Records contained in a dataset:
• • •

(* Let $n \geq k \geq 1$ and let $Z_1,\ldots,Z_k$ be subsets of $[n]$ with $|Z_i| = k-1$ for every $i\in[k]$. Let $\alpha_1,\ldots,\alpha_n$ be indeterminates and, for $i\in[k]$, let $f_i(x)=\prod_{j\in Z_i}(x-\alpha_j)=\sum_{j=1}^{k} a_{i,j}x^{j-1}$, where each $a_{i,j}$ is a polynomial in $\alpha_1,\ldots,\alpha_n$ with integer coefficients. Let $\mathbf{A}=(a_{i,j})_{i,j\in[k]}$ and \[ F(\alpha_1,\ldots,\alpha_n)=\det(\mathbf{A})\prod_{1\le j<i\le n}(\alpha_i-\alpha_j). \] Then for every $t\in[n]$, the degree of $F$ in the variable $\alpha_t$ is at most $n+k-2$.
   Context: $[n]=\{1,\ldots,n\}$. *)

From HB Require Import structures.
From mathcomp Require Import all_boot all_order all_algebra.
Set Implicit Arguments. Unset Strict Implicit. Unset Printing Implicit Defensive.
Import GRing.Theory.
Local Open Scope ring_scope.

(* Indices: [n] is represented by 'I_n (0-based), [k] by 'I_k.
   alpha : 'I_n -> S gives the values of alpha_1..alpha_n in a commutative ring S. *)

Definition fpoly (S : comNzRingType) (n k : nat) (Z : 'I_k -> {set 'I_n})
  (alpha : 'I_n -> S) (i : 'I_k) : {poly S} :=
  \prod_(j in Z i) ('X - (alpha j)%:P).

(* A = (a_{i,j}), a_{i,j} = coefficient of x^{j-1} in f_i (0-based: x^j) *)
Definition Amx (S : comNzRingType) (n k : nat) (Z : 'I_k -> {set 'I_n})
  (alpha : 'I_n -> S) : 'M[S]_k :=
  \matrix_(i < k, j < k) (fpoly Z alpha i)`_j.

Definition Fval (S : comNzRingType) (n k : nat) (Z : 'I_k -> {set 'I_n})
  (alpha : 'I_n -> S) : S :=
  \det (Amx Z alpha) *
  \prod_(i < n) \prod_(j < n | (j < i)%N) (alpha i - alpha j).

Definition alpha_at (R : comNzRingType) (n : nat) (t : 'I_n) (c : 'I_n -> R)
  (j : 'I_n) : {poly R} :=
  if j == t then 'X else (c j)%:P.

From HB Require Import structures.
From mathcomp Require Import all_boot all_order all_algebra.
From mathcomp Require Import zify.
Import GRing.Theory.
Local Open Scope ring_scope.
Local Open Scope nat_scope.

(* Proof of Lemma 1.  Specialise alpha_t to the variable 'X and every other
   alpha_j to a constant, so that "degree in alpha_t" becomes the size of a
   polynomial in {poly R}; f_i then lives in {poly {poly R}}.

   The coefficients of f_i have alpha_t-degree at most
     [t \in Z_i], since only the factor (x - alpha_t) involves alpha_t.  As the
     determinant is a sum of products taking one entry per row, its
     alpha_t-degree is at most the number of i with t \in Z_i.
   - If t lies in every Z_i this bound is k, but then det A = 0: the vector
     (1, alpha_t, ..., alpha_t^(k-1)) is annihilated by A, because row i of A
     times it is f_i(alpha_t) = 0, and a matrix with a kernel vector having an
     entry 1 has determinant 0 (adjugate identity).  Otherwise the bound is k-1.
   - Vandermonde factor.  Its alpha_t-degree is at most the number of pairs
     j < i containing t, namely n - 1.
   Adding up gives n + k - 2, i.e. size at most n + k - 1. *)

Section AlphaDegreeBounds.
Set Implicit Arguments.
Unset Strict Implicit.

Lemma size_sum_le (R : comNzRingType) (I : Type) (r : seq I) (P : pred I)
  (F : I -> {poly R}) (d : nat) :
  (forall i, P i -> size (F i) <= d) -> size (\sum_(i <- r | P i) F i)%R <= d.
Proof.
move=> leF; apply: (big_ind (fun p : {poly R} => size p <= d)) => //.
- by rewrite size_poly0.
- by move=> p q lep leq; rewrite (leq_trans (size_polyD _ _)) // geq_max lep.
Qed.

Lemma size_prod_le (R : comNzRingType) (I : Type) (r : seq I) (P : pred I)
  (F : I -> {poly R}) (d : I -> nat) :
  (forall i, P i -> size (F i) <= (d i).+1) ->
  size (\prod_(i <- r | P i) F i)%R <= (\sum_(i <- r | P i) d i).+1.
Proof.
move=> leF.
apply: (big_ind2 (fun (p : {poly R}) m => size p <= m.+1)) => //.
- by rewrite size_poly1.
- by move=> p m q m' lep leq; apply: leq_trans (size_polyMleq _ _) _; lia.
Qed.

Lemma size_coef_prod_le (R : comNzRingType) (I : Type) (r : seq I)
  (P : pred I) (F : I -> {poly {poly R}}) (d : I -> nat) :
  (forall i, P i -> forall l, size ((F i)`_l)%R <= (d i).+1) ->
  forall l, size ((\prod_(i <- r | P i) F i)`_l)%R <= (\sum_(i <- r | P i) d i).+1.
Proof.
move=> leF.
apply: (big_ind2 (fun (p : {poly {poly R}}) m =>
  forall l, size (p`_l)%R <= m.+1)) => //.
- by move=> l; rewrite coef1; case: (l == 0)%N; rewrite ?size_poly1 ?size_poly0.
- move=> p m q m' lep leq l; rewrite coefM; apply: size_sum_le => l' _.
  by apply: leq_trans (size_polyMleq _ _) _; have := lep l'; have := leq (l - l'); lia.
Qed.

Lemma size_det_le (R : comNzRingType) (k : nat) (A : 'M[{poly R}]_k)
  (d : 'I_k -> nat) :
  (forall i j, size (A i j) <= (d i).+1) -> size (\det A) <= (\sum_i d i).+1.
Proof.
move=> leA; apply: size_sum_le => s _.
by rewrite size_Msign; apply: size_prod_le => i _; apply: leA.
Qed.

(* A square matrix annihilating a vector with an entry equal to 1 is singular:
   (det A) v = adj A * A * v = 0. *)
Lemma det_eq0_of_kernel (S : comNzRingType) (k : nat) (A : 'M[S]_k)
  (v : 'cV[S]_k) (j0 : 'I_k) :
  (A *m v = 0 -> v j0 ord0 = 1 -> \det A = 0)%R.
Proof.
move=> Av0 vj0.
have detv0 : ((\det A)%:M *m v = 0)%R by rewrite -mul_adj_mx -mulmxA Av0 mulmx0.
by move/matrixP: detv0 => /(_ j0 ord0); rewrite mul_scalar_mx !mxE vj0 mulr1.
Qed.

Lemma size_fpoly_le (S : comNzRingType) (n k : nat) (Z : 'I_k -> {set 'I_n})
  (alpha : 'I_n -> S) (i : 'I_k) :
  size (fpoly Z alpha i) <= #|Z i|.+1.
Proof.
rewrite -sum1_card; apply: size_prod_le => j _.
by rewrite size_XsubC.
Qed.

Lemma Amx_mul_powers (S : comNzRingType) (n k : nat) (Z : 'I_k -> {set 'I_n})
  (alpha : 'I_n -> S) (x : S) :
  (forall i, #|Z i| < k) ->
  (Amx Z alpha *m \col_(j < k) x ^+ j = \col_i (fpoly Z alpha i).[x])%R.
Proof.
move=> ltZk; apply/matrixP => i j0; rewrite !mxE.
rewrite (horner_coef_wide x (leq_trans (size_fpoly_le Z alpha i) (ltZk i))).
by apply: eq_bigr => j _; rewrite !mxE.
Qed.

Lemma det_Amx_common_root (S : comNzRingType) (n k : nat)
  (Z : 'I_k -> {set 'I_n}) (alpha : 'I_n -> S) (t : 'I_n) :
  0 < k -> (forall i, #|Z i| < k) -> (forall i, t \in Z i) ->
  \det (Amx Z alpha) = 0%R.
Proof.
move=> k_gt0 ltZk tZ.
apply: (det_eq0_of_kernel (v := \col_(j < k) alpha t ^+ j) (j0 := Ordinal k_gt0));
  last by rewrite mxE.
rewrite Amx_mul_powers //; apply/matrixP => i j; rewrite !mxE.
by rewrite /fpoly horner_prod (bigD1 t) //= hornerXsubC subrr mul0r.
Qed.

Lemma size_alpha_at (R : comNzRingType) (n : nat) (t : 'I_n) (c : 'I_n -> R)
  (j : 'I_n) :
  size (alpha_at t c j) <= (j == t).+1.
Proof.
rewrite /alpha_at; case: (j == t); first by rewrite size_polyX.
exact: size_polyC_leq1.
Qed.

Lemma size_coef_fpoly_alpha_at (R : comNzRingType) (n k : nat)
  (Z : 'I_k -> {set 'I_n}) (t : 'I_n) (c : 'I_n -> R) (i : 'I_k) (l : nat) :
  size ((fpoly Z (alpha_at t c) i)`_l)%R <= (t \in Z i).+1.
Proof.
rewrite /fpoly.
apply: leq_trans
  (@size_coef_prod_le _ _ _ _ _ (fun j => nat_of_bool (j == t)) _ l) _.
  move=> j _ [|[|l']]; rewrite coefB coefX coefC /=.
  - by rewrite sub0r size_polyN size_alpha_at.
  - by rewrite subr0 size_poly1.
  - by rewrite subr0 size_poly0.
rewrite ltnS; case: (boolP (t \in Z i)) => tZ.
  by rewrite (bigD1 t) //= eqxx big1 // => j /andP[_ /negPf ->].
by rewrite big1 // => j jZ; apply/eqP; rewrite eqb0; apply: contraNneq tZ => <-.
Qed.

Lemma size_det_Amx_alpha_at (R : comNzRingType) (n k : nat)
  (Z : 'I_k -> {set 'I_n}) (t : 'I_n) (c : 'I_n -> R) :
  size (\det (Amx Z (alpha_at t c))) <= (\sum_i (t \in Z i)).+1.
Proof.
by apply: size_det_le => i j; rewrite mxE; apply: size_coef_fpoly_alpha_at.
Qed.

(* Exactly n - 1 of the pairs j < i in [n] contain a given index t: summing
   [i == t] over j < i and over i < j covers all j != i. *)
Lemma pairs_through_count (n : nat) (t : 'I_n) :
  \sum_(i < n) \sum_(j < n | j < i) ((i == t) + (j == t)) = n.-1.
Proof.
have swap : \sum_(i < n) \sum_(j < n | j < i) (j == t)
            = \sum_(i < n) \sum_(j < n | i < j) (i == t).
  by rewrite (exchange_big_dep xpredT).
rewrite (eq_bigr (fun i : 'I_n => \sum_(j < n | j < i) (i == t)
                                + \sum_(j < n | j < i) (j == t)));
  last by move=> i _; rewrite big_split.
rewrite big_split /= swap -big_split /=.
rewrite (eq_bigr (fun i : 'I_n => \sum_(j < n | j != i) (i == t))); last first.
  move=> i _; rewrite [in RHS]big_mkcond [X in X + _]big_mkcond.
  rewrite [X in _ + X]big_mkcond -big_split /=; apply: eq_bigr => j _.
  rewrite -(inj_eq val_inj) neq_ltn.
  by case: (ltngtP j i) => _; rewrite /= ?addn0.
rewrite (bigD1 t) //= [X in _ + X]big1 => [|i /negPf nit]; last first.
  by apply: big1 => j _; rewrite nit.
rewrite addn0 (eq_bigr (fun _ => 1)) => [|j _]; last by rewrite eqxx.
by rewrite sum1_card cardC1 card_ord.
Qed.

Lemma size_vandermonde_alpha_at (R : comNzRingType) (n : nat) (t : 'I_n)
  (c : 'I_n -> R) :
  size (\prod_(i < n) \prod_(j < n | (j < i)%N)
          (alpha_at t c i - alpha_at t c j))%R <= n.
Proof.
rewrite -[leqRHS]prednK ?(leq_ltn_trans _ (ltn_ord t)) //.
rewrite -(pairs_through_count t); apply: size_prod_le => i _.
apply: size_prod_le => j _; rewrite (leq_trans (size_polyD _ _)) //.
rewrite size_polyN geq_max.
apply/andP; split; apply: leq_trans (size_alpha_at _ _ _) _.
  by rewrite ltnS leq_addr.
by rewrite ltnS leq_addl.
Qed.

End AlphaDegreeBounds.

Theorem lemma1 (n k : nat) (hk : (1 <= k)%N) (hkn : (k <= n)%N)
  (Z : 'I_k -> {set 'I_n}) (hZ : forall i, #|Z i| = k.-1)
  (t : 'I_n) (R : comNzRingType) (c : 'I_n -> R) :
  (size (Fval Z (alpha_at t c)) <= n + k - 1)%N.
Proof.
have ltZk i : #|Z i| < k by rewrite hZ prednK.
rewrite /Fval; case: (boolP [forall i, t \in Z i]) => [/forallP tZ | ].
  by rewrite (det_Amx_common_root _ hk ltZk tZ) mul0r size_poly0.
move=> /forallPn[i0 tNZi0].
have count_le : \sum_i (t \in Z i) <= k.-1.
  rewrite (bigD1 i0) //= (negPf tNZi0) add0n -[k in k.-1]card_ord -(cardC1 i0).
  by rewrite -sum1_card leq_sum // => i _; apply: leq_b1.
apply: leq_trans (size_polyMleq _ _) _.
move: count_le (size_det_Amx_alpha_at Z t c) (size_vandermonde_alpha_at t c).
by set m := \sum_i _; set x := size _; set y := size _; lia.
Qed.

• • •

*WHAT YOU HAVE TO DO*. The required output is the lines from the one holding "move: count_le (size_det_Amx_alpha_at" through the last line of the entries above, copied exactly.

*WRITTEN SOLUTION*.
move: count_le (size_det_Amx_alpha_at Z t c) (size_vandermonde_alpha_at t c).
by set m := \sum_i _; set x := size _; set y := size _; lia.
Qed.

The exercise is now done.